Forty-two semester hours, of which 18 must be earned in each of two languages, in courses listed under a single rubric (FREN, GERM, or SPAN), to include the following distribution: at least six hours in literature courses covering two different periods, and at least six hours in language/linguistics courses. The remaining six hours are electives, which may be used for directed reading (798) and thesis (799).
Thirty-six semester hours, of which 18 must be earned in courses listed under the SPAN rubric, to include the following distribution: at least 6 hours in literature courses covering two different periods and at least
6 hours in language/linguistics courses; 6 hours of bilingual education seminars, selected from among EDUC 517, 518, 519. The remaining 12 hours are electives, of which up to 6 may be used for directed reading (SPAN 798) and thesis (SPAN 799).
The certificate program in translation provides professional training for students who wish to acquire proficiency in a specific language combination, either English-French or English-Spanish. Because of the interdisciplinary nature of translation, the program combines theoretical and applied course work in the departments of Modern and Classical Languages, English, and Communication.

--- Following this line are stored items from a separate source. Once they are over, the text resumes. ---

Lemma frob_inner_normalize_sub m p (u g : 'M[R]_(m, p)) :
  frob_norm u = 1 -> g != 0 ->
  frob_inner ((frob_norm g)^-1 *: g - u) g
  = frob_norm g * (frob_norm ((frob_norm g)^-1 *: g - u) ^+ 2 / 2).
Proof.
move=> hu nz_g; have hv := frob_norm_normalize nz_g.
set v := _ *: g in hv *.
have gE : g = frob_norm g *: v by rewrite /v scalerA mulfV ?scale1r // gt_eqF ?frob_norm_gt0.
by rewrite {1}gE frob_innerZr frob_inner_sub_unitr.
Qed.

Lemma row_row_normalize m p (g : 'M[R]_(m, p)) i :
  row i (row_normalize g) = (row_norm g i)^-1 *: row i g.
Proof. by apply/rowP => j; rewrite !mxE mulrC. Qed.

Lemma onM_row_normalize m p (g : 'M[R]_(m, p)) :
  (forall i, row i g != 0) -> onM (row_normalize g).
Proof.
by move=> nz_g i; rewrite row_normE row_row_normalize row_normE frob_norm_normalize.
Qed.

Lemma frob_inner_onM_sub m p (t tn : 'M[R]_(m, p)) :
  onM t -> onM tn -> frob_inner (tn - t) t = - (frob_norm (tn - t) ^+ 2 / 2).
Proof.
move=> ht htn; rewrite frob_norm_sqr !frob_inner_rows mulr_suml -sumrN.
apply: eq_bigr => i _; rewrite raddfB /= -frob_norm_sqr.
by apply: frob_inner_sub_unitl; rewrite -row_normE.
Qed.
(* For every integer $m\ge2$, $$G_m(t,0)=(-1)^m\,t\,\Pi_{m-1}(t)\quad\text{and}\quad G_m\!\left(t,\tfrac12\right)=\frac{(-1)^m}{2^{m-1}}\widetilde{\Pi}_{m-1}(t).$$
   Context: $G_1(t,\beta)=-1$ and for $m\ge2$, $G_m(t,\beta)=[\beta(t-1)-(m-1)t]G_{m-1}(t,\beta)+t(t-1)\frac{\partial}{\partial t}G_{m-1}(t,\beta)$. The Euler–Frobenius polynomials satisfy $\Pi_0(t)=1$, $\Pi_{m+1}(t)=(1+mt)\Pi_m(t)+t(1-t)\Pi_m'(t)$, and the modified Euler–Frobenius polynomials satisfy $\widetilde\Pi_0(t)=1$, $\widetilde\Pi_{m+1}(t)=(1+(2m+1)t)\widetilde\Pi_m(t)+2t(1-t)\widetilde\Pi_m'(t)$. *)

From mathcomp Require Import all_boot all_order all_algebra.
Set Implicit Arguments. Unset Strict Implicit. Unset Printing Implicit Defensive.
Import GRing.Theory Num.Theory.
Local Open Scope ring_scope.

(* G_aux beta n = G_{n+1}(t, beta), as a polynomial in t over R. *)
Fixpoint G_aux (R : numFieldType) (beta : R) (n : nat) : {poly R} :=
  match n with
  | 0 => - 1
  | n'.+1 => let g := G_aux beta n' in
      (beta *: ('X - 1) - (n'.+1)%:R *: 'X) * g + ('X * ('X - 1)) * g^`()
  end.

(* G m beta = G_m(t, beta) for m >= 1 (G 0 beta is junk = G_1). *)
Definition G (R : numFieldType) (m : nat) (beta : R) : {poly R} := G_aux beta m.-1.

Fixpoint EF (R : numFieldType) (m : nat) : {poly R} :=
  match m with
  | 0 => 1
  | m'.+1 => (1 + m'%:R *: 'X) * EF R m' + ('X * (1 - 'X)) * (EF R m')^`()
  end.

Fixpoint EFt (R : numFieldType) (m : nat) : {poly R} :=
  match m with
  | 0 => 1
  | m'.+1 => (1 + (2 * m' + 1)%:R *: 'X) * EFt R m'
             + (2%:R *: ('X * (1 - 'X))) * (EFt R m')^`()
  end.

From mathcomp Require Import all_boot all_order all_algebra ring.
Import GRing.Theory Num.Theory.
Local Open Scope ring_scope.
Set Implicit Arguments.
Unset Strict Implicit.
Unset Printing Implicit Defensive.

(* Both identities are proved by induction on m, comparing recurrences: one
   step of the recurrence for G_m(t, 0), applied to t * p, is minus t times one
   Euler-Frobenius step applied to p, and one step of the recurrence for
   G_m(t, 1/2), applied to p, is -1/2 times one modified Euler-Frobenius step
   applied to p.  Since the G-step is linear, the normalising constants
   (-1)^m and (-1)^m / 2^(m-1) simply accumulate. *)

Section RecurrenceSteps.
Variable R : comNzRingType.

Definition G_step (beta : R) (k : nat) (g : {poly R}) : {poly R} :=
  (beta *: ('X - 1) - k%:R *: 'X) * g + ('X * ('X - 1)) * g^`().

Definition EF_step (k : nat) (p : {poly R}) : {poly R} :=
  (1 + k%:R *: 'X) * p + ('X * (1 - 'X)) * p^`().

Definition EFt_step (k : nat) (p : {poly R}) : {poly R} :=
  (1 + (2 * k + 1)%:R *: 'X) * p + (2%:R *: ('X * (1 - 'X))) * p^`().

Lemma G_stepZ (beta c : R) k g : G_step beta k (c *: g) = c *: G_step beta k g.
Proof. by rewrite /G_step derivZ -!scalerAr -scalerDr. Qed.

Lemma G_step0_mulX k p : G_step 0 k.+1 ('X * p) = - ('X * EF_step k p).
Proof.
rewrite /G_step /EF_step scale0r sub0r !derivE.
rewrite -!mul_polyC !polyC_natr.
ring.
Qed.

Lemma G_step_half (h : R) : 2 * h = 1 ->
  forall k p, G_step h k.+1 p = - h *: EFt_step k p.
Proof.
move=> h2 k p; rewrite /G_step /EFt_step -!mul_polyC !polyC_natr polyCN natrD natrM.
have h2P : 2 * h%:P = 1 by rewrite -polyC_natr -polyCM h2.
apply/eqP; rewrite -subr_eq0; apply/eqP.
transitivity ((1 - 2 * h%:P) * ('X * ('X - 1) * p^`() - (k%:R + 1) * 'X * p)); first ring.
by rewrite h2P subrr mul0r.
Qed.

End RecurrenceSteps.

Section EulerFrobenius.
Variable R : numFieldType.

Lemma G_auxS (beta : R) n : G_aux beta n.+1 = G_step beta n.+1 (G_aux beta n).
Proof. by []. Qed.

Lemma EFS n : EF R n.+1 = EF_step n (EF R n).
Proof. by []. Qed.

Lemma EFtS n : EFt R n.+1 = EFt_step n (EFt R n).
Proof. by []. Qed.

Lemma G_aux0 n : G_aux (0 : R) n.+1 = (-1) ^+ n *: ('X * EF R n.+1).
Proof.
elim: n => [|n IH].
  rewrite /= !derivE !scale0r -!mul_polyC polyC1.
  ring.
by rewrite G_auxS IH G_stepZ G_step0_mulX -EFS exprS mulN1r scaleNr scalerN.
Qed.

Lemma G_aux_half n :
  G_aux (2%:R^-1 : R) n = ((-1) ^+ n.+1 / 2%:R ^+ n) *: EFt R n.
Proof.
have h2 : 2%:R * (2%:R^-1 : R) = 1 by rewrite mulfV ?pnatr_eq0.
elim: n => [|n IH]; first by rewrite /= expr1 expr0 divr1 scaleN1r.
rewrite G_auxS IH G_stepZ (G_step_half h2) -EFtS scalerA.
congr (_ *: _).
by rewrite [(-1) ^+ n.+2]exprS [2%:R ^+ n.+1]exprS invfM; ring.
Qed.

End EulerFrobenius.

Theorem lemma5p1 (R : numFieldType) (m : nat) :
  (2 <= m)%N ->
  G m 0 = (-1) ^+ m *: ('X * EF R m.-1) /\
  G m (2%:R^-1 : R) = ((-1) ^+ m / 2%:R ^+ m.-1) *: EFt R m.-1.
Proof.
case: m => [|[|n]] // _; split.
  by rewrite /G G_aux0 !exprS !mulN1r opprK.
by rewrite /G G_aux_half.
Qed.
Lemma G_succ a x : ~ limit a ->
  (G a x <-> [\/ x = a, x = limit_part a |
                 guess_has_seq (limit_part a) /\
                 G (guess_seq (limit_part a) (finite_part a)) x]).
Proof.
move=> nLa; rewrite [G a]G_unfold /G_step /attached.
case: (pselect (limit a)) => [//|_] /=; rewrite -/(guess_seq _).
case: (pselect (guess_has_seq (limit_part a))) => [H|nH] /=.
  rewrite restrictE; last exact: guess_seq_lt.
  split => [[[->|->]|Gx]|[->|->|[_ Gx]]]; by [apply: Or31 | apply: Or32 |
    apply: Or33 | left; left | left; right | right].
split => [[[->|->]|[]]|[->|->|[/nH]]] //; by [apply: Or31 | apply: Or32 |
  left; left | left; right].
Qed.

Lemma G_le a x : G a x -> lew x a.
Proof.
elim/(well_founded_induction ltw_wf): a x => a IH x.
have [La|nLa] := pselect (limit a); first by rewrite G_limit.
move/(G_succ x nLa) => [->|->|[H Gx]]; [by right | exact: limit_part_le |].
have ba := ltw_trans (guess_seq_lt (finite_part a) H) (limit_part_lt nLa).
by left; exact: lew_ltw_trans (IH _ ba _ Gx) ba.
Qed.

Lemma G_finite a : exists l : list W, forall x, G a x -> List.In x l.
Proof.
elim/(well_founded_induction ltw_wf): a => a IH.
have [La|nLa] := pselect (limit a); first by exists nil; rewrite G_limit.
have [H|nH] := pselect (guess_has_seq (limit_part a)).
  have [l Gl] := IH _ (ltw_trans (guess_seq_lt (finite_part a) H) (limit_part_lt nLa)).
  exists [:: a, limit_part a & l] => x /(G_succ x nLa) [->|->|[_ /Gl]];
    by [left | right; left | right; right].
exists [:: a; limit_part a] => x /(G_succ x nLa) [->|->|[]] //;
  by [left | right; left].
Qed.

(* A limit [d] enters [G a] only through some [a' = d + n] occurring in the
   recursive unfolding of [G a]; everything [G a] adds to [G a'] lies above [a']. *)
Lemma G_limit_mem a d : limit d -> G a d ->
  exists a', [/\ ~ limit a', limit_part a' = d, G a' `<=` G a &
                 forall x, G a x -> G a' x \/ ltw a' x].
Proof.
move=> Ld; elim/(well_founded_induction ltw_wf): a => a IH.
have [La|nLa] := pselect (limit a); first by rewrite G_limit.
move/(G_succ d nLa) => [da|->|[H Gbd]].
- by case: nLa; rewrite -da.
- by exists a; split => // x Gx; left.
set b := guess_seq _ _ in Gbd; have bl : ltw b (limit_part a) := guess_seq_lt _ H.
have ba := ltw_trans bl (limit_part_lt nLa).
have [a' [nLa' a'd Ga'b Gb_above]] := IH b ba Gbd.
have a'b : lew a' b by apply: G_le; apply: Ga'b; apply/(G_succ a' nLa'); apply: Or31.
exists a'; split => // [x /Ga'b Gbx|x /(G_succ x nLa) [->|->|[_ /Gb_above //]]].
  by apply/(G_succ x nLa); apply: Or33.
- by right; exact: lew_ltw_trans a'b ba.
- by right; exact: lew_ltw_trans a'b bl.
Qed.


Lemma G_sigma a : indicator (G a) \in @sigma_set W.
Proof. by have [l Gl] := G_finite a; exact/indicator_sigma/(finite_set_list Gl). Qed.

Lemma singleton_sigma l : indicator [set l] \in @sigma_set W.
Proof. exact/indicator_sigma/finite_set1. Qed.

Definition G_point a : sigma_space W := exist _ (indicator (G a)) (G_sigma a).
Definition singleton_point l : sigma_space W :=
  exist _ (indicator [set l]) (singleton_sigma l).
(* Let $\mathbf{s}(\lambda)$ and $\mathbf{v}(i)$ be $N$-vectors with entries $s_j(\lambda) = S(e_j, e_j; \lambda)$ and $v_j(i) = \delta_{ij}$, and let $\bar{\mathbf{s}}(\lambda) = (\mathbf{s}(\lambda), \mathbf{s}(\lambda))$ and $\bar{\mathbf{v}}(i) = (\mathbf{v}(i), \mathbf{v}(i))$ be the corresponding $2N$-vectors. Then \[ G_i(\lambda, z) = S(e_i, e_i; \lambda) + \sum_{d = 1}^{\infty} \bar{\mathbf{v}}^{T}(i)\, \mathbf{K}(\lambda, z)^d\, \bar{\mathbf{s}}(\lambda). \]
   Context: Fix $N \geq 3$. Let $\mathcal{G}_N$ be the groupoid with objects $\{1,\dots,N\}$, generated by arrows $A_{i,j}^{(k)}$ ($i \neq j$, $k \in \{-1,1\}$) with source $i$ and target $j$, subject to the relations $A_{i,j}^{(k)} A_{j,\ell}^{(k)} = A_{i,\ell}^{(k)}$ (with $A_{i,i}^{(k)} := e_i$, the unit at $i$). Every arrow has a unique reduced representation, either empty or an alternating product $A_{i_1,i_2}^{(k)} A_{i_2,i_3}^{(-k)} \cdots$ with consecutive indices distinct. A metric $|\cdot|_{\mathcal{M}}$ generated by the generators assigns a nonnegative value to each generator and is additive over the reduced representation, with $|e_i|_{\mathcal{M}} = 0$. Let $(W_n)_{n \ge 0}$ be a Markov chain on the arrows with $P(W_{n+1} = y \mid W_n = x) = p_{i,j}^{(k)}$ if $x^{-1}y = A_{i,j}^{(k)}$ ($i \neq j$) and $0$ otherwise, where all $p_{i,j}^{(k)} \in (0,1)$ and $\sum_{j,k} p_{i,j}^{(k)} = 1$ for each $i$. Write $P_x, E_x$ for the chain started at $W_0 = x$. For arrows $x, y$ define $S(x, y; \lambda) = \sum_{n\ge 0} P_x(W_n = y)\lambda^n$, let $T(0,y) = \inf\{k \ge 0 : W_k = W_0 y\}$, and let $R_{i,j}^{(k)}(\lambda) = E_{e_i}[\lambda^{T(0, A_{i,j}^{(k)})}]$. Define $G_i(\lambda, z) = E_{e_i}\big[\sum_{n\ge 0} z^{|W_n|_{\mathcal{M}}} \lambda^n\big]$. Let $\mathbf{B}(k; \lambda, z)$ be the $N \times N$ matrix with entries $\mathbf{B}_{i,j}(k; \lambda, z) = (1 - \delta_{i,j})\, z^{|A_{i,j}^{(k)}|_{\mathcal{M}}} R_{i,j}^{(k)}(\lambda)$, and let $\mathbf{K}(\lambda, z)$ be the $2N \times 2N$ block matrix $\begin{pmatrix} \mathbf{0} & \mathbf{B}(1; \lambda, z) \\ \mathbf{B}(-1; \lambda, z) & \mathbf{0} \end{pmatrix}$. *)

From HB Require Import structures.
From mathcomp Require Import all_boot all_order all_algebra.
From mathcomp Require Import all_classical all_reals all_analysis.
Set Implicit Arguments. Unset Strict Implicit. Unset Printing Implicit Defensive.
Import Order.TTheory GRing.Theory Num.Theory.
Local Open Scope ring_scope.

(* Conventions.
   - Objects of the groupoid G_N are 'I_N.
   - The sign k in {-1,1} is encoded by a bool: true = +1, false = -1.
   - A letter (j, k) : 'I_N * bool appearing in a word from source i stands for
     the generator A_{t,j}^{(k)}, where t is the target of the preceding
     letter (or the source i for the first letter).
   - An arrow with source i is represented by its unique reduced word
     (seq of letters; [::] is the unit e_i).  The Markov chain started at
     e_i only visits arrows with source i. *)

Section Groupoid.
Variable N : nat.
Definition letter := ('I_N * bool)%type.

Definition target (i : 'I_N) (w : seq letter) : 'I_N := last i (map fst w).

(* right multiplication of the reduced word w (source i) by the generator
   A_{t,a.1}^{(a.2)}, t = target i w (a.1 <> t assumed), returning the
   reduced word of the product, using A^{(k)}_{s,t} A^{(k)}_{t,j} = A^{(k)}_{s,j}
   and A^{(k)}_{s,s} = e_s. *)
Definition step (i : 'I_N) (w : seq letter) (a : letter) : seq letter :=
  match rev w with
  | [::] => [:: a]
  | (t', k') :: rw' =>
      let w' := rev rw' in
      if k' == a.2 then (if a.1 == target i w' then w' else rcons w' a)
      else rcons w a
  end.

Definition walk (i : 'I_N) (cs : seq letter) : seq letter := foldl (step i) [::] cs.

Definition positions (i : 'I_N) (cs : seq letter) : seq (seq letter) :=
  [::] :: scanl (step i) [::] cs.

End Groupoid.

Section Chain.
Variables (R : realType) (N : nat).
Variable p : 'I_N -> 'I_N -> bool -> R.
Variable len : 'I_N -> 'I_N -> bool -> R.

Fixpoint mlen_from (s : 'I_N) (w : seq (letter N)) : R :=
  match w with
  | [::] => 0
  | (t, k) :: w' => len s t k + mlen_from t w'
  end.

Fixpoint pathw (i : 'I_N) (w : seq (letter N)) (cs : seq (letter N)) : R :=
  match cs with
  | [::] => 1
  | a :: cs' =>
      (if a.1 != target i w then p (target i w) a.1 a.2 else 0)
        * pathw i (step i w a) cs'
  end.

Definition Pn (i : 'I_N) (n : nat) (x : seq (letter N)) : R :=
  \sum_(cs : n.-tuple (letter N) | walk i cs == x) pathw i [::] cs.

Local Open Scope ereal_scope.

Definition Sgf (j : 'I_N) (lam : R) : \bar R :=
  \sum_(n <oo) ((Pn j n [::] * lam ^+ n)%R)%:E.

(* R_{i,j}^{(k)}(lambda) = E_{e_i}[lambda^{T(0, A_{i,j}^{(k)})}]
   = sum_n P_{e_i}(T = n) lambda^n, T = first n with W_n = A_{i,j}^{(k)} *)
Definition Rgf (i j : 'I_N) (k : bool) (lam : R) : \bar R :=
  \sum_(n <oo)
    ((\sum_(cs : n.-tuple (letter N)
              | index [:: (j, k)] (positions i cs) == n) pathw i [::] cs)
      * lam ^+ n)%R%:E.

Definition Ggf (i : 'I_N) (lam z : R) : \bar R :=
  \sum_(n <oo)
    ((\sum_(cs : n.-tuple (letter N))
        pathw i [::] cs * z `^ (mlen_from i (walk i cs))) * lam ^+ n)%R%:E.

Definition Bmx (k : bool) (lam z : R) (i j : 'I_N) : \bar R :=
  if i != j then (z `^ len i j k)%:E * Rgf i j k lam else 0.

Definition Kmx (lam z : R) (a b : 'I_(N + N)) : \bar R :=
  match fintype.split a, fintype.split b with
  | inl i, inr j => Bmx true lam z i j
  | inr i, inl j => Bmx false lam z i j
  | _, _ => 0
  end.

Definition sbar (lam : R) (a : 'I_(N + N)) : \bar R :=
  match fintype.split a with inl j | inr j => Sgf j lam end.

Definition vbar (i : 'I_N) (a : 'I_(N + N)) : \bar R :=
  match fintype.split a with inl j | inr j => if i == j then 1 else 0 end.
End Chain.

Local Open Scope ereal_scope.
Fixpoint erowpow (R : realType) (m : nat) (M : 'I_m -> 'I_m -> \bar R)
  (u : 'I_m -> \bar R) (d : nat) : 'I_m -> \bar R :=
  match d with
  | 0 => u
  | d'.+1 => fun b => \sum_(a < m) erowpow M u d' a * M a b
  end.

Definition ebilin (R : realType) (m : nat) (M : 'I_m -> 'I_m -> \bar R)
  (u w : 'I_m -> \bar R) (d : nat) : \bar R :=
  \sum_(a < m) erowpow M u d a * w a.

(* Grouping the terms of G_i by the position x = W_n gives
   G_i = sum_x z^{|x|} G(e_i, x; lam), with G(e_i, x; lam) = sum_n P_{e_i}(W_n = x) lam^n,
   which vanishes unless x is a reduced word.  A path from e_i to a reduced word
   x = A_{i,j_1}^{(k_1)} x' must visit A_{i,j_1}^{(k_1)}; cutting it at the first such
   visit, the rest of the path is a copy of the chain from e_{j_1} reaching x', so
   G(e_i, x; lam) = R_{i,j_1}^{(k_1)}(lam) G(e_{j_1}, x'; lam) and, iterating,
   G(e_i, x; lam) = R ... R S(e_{j_d}, e_{j_d}; lam).  Reduced words of length d are the
   sign-alternating paths of length d of the 2N-vertex graph of K, whose vertex (k, j)
   records the sign and the target of the last letter, so the words of length d
   contribute vbar(i)^T K^d sbar(lam). *)

From HB Require Import structures.
From mathcomp Require Import all_boot all_order all_algebra.
From mathcomp Require Import all_classical all_reals all_analysis.
From mathcomp Require Import zify.

Set Implicit Arguments. Unset Strict Implicit. Unset Printing Implicit Defensive.
Import Order.TTheory GRing.Theory Num.Theory.
Local Open Scope ring_scope.

Section ReducedWords.
Variable N : nat.
Notation L := (letter N).
Implicit Types (s : 'I_N) (w x y cs : seq L) (a b c : L).

Definition lastsign w : option bool := if w is c :: w' then Some (last c w').2 else None.

(* [pv] is the sign of the letter preceding [w], [None] at the start of a word. *)
Fixpoint reduced s (pv : option bool) w : bool :=
  if w is c :: w' then [&& c.1 != s, pv != Some c.2 & reduced c.1 (Some c.2) w']
  else true.

Lemma lastsign_rcons w c : lastsign (rcons w c) = Some c.2.
Proof. by case: w => [|d w] //=; rewrite last_rcons. Qed.

Lemma target_cat s w y : target s (w ++ y) = target (target s w) y.
Proof. by rewrite /target map_cat last_cat. Qed.

Lemma target_rcons s w c : target s (rcons w c) = c.1.
Proof. by rewrite /target map_rcons last_rcons. Qed.

Lemma reducedW s pv w : reduced s pv w -> reduced s None w.
Proof. by case: w => [|c w] //= /and3P[-> _ ->]. Qed.

Lemma reduced_rcons s pv w c :
  reduced s pv (rcons w c) =
  [&& reduced s pv w, c.1 != target s w &
      (if w is [::] then pv else lastsign w) != Some c.2].
Proof.
elim: w s pv => [|d w IH] s pv /=; first by rewrite andbT.
rewrite IH; case: w {IH} => [|e w] /=;
  by case: (d.1 != s); case: (pv != Some d.2); rewrite ?andbT.
Qed.

Lemma step_rcons s w c a :
  step s (rcons w c) a =
  if c.2 == a.2 then (if a.1 == target s w then w else rcons w a)
  else rcons (rcons w c) a.
Proof. by rewrite /step rev_rcons; case: c => t k /=; rewrite revK. Qed.

Lemma reduced_step s w a :
  reduced s None w -> a.1 != target s w -> reduced s None (step s w a).
Proof.
case/lastP: w => [_ /= -> //|w c].
rewrite reduced_rcons target_rcons => /and3P[Hw Hc Hsign] Ha.
rewrite step_rcons; case: (c.2 =P a.2) => [Hca|Hca].
  case: eqP => // /eqP Hnew.
  by rewrite reduced_rcons Hw Hnew -Hca.
rewrite !reduced_rcons Hw Hc Hsign target_rcons Ha lastsign_rcons.
by case: (w) => [|? ?] /=; apply/eqP => -[/Hca].
Qed.

Lemma size_step s w a : (size (step s w a) <= (size w).+1)%N.
Proof.
case/lastP: w => [|w c] //; rewrite step_rcons !size_rcons.
by case: ifP => _; [case: ifP => _ |]; rewrite ?size_rcons; lia.
Qed.

Lemma size_foldl_step s w cs : (size (foldl (step s) w cs) <= size w + size cs)%N.
Proof.
elim: cs w => [|a cs IH] w /=; first by rewrite addn0.
by rewrite (leq_trans (IH _)) // addnS -addSn leq_add2r size_step.
Qed.

Lemma ohead_step s w a b :
  ohead w != Some b -> ohead (step s w a) = Some b -> step s w a = [:: b].
Proof.
case/lastP: w => [_ [->] //|w c]; rewrite step_rcons => Hwc.
have Hw : ohead w != Some b by case: (w) Hwc.
case: ifP => _; [case: ifP => _ |].
- by move=> Hb; rewrite Hb eqxx in Hw.
- by case: (w) Hw => [_ [->] //|d w'] /= Hd [Hdb]; rewrite Hdb eqxx in Hd.
- by case: (w) Hwc => [|d w'] /= Hd [Hdb]; rewrite Hdb eqxx in Hd.
Qed.

(* Steps only change the end of a word, so a first letter [b] can only appear through
   the one-letter word [[:: b]]. *)
Lemma mem_scanl_step_ohead s w cs b :
  ohead w != Some b -> ohead (foldl (step s) w cs) = Some b ->
  [:: b] \in scanl (step s) w cs.
Proof.
elim: cs w => [|a cs IH] w /= Hw Hend; first by rewrite Hend eqxx in Hw.
rewrite in_cons; have [Ha|Ha] := eqVneq (ohead (step s w a)) (Some b).
  by rewrite (ohead_step Hw Ha) eqxx.
by rewrite IH ?orbT.
Qed.

Lemma step_cat s w y a :
  y != [::] -> step s (w ++ y) a = w ++ step (target s w) y a.
Proof.
case/lastP: y => [|y c] // _.
rewrite -rcons_cat !step_rcons target_cat.
by case: ifP => _; [case: ifP => _ |]; rewrite ?rcons_cat.
Qed.

(* The reduced word of [A_b y], for a letter [b] from [s] and a reduced word [y] from [b.1]. *)
Definition lmul_letter s b y : seq L :=
  if y is c :: y' then
    (if c.2 == b.2 then (if c.1 == s then [::] else [:: c]) else [:: b; c]) ++ y'
  else [:: b].

Lemma target_lmul_letter s b y : target s (lmul_letter s b y) = target b.1 y.
Proof.
case: y => [|c y] //=; rewrite target_cat.
by case: ifP => _; [case: ifP => [/eqP <-|] |].
Qed.

Lemma step_lmul_letter s b y a :
  b.1 != s -> a.1 != target b.1 y ->
  step s (lmul_letter s b y) a = lmul_letter s b (step b.1 y a).
Proof.
case: b => j k; case: a => a1 a2 /= /eqP Hjs.
case: y => [|c [|d y]] Ha.
- by rewrite /lmul_letter /step /= cats0 eq_sym.
- case: c Ha => c1 c2; rewrite /target /= => /eqP Ha.
  rewrite /lmul_letter cats0 (step_rcons j [::] (c1, c2)) /step /rev /target /=.
  by repeat (case: eqP => /= ?); congruence.
- rewrite /lmul_letter /= step_cat // (step_cat j [:: c]) //.
  by congr (_ ++ _); case: ifP => _; [case: ifP => [/eqP <-|] |].
Qed.

Lemma lmul_letter_eq_cons s b y x :
  reduced b.1 None y -> reduced s None (b :: x) ->
  (lmul_letter s b y == b :: x) = (y == x).
Proof.
case: b => j k; case: y => [|[c1 c2] y] /=; first by rewrite eqseq_cons eqxx.
move=> /andP[Hc1 Hy] /andP[Hj Hx].
case: (c2 =P k) => [Hck|Hck]; last by rewrite /= eqseq_cons eqxx.
subst c2; case: (c1 =P s) => [Hcs|Hcs] /=.
  subst c1; apply/idP/idP => /eqP E;
    [move: Hy; rewrite E | move: Hx; rewrite -E]; by rewrite /= eqxx /= andbF.
apply/idP/idP => /eqP E; first by case: E => E1 _; rewrite E1 eqxx in Hc1.
by move: Hx; rewrite -E /= eqxx /= andbF.
Qed.

End ReducedWords.

Section BigTuple.
Variables (T : finType) (V : Type) (idx : V) (op : Monoid.com_law idx).

Lemma big_tuple0 (F : seq T -> V) : \big[op/idx]_(t : 0.-tuple T) F t = F [::].
Proof. by rewrite (big_pred1 [tuple]) // => t; rewrite [t]tuple0 /= eqxx. Qed.

Lemma big_tuple_cons n (F : seq T -> V) :
  \big[op/idx]_(t : n.+1.-tuple T) F t =
  \big[op/idx]_(c : T) \big[op/idx]_(t : n.-tuple T) F (c :: t).
Proof.
rewrite pair_big (reindex (fun ct : T * n.-tuple T => [tuple of ct.1 :: ct.2])) /=.
  by apply: eq_bigr => -[c t].
apply: onW_bij; exists (fun t : n.+1.-tuple T => (thead t, [tuple of behead t])).
  by move=> [c t]; congr pair; apply/val_inj.
by move=> [[|c s] Hs]; apply/val_inj.
Qed.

Students applying to the program must be admitted to a George Mason University degree program or already hold a bachelor's degree and be admitted for graduate study in nondegree status. Acceptance into the program is based partly on a proficiency examination in English and one other language.
The certificate may be pursued concurrently with any of several degree programs offered through the Department of Modern and Classical Languages. Part of the work toward the certificate may be applicable toward degrees in other departments.
Students enrolled in degree programs outside the Department of Modern and Classical Languages who wish to work toward the certificate in translation must apply to the department for admission into the certificate program.
- Required core courses (12 credits):
- ENGL 410 Technical and Report Writing (3)
COMM 505 Intercultural Communication (3) or
ENGL 581 Psycholinguistics (3)
LANG 525 Literary Translation (3)
LANG 565 Theory of Translation (3)
- Language courses (9 credits):
- FREN 357 Introduction to Translation (3)
FREN 576 Advanced Translation (3)
FREN 580 Contemporary French Society
and Culture (3)
SPAN 359 Introduction to Translation (3)
SPAN 576 Advanced Translation (3)
SPAN 580 Contemporary Hispanic Institutions (3)
GERM 318 Translation of Texts (3)
GERM 576 Advanced Translation (3)
GERM 580 Contemporary Germany (3)
LANG 590 Internship and Seminar in Translation (3)
A translation project is required for completion of the program.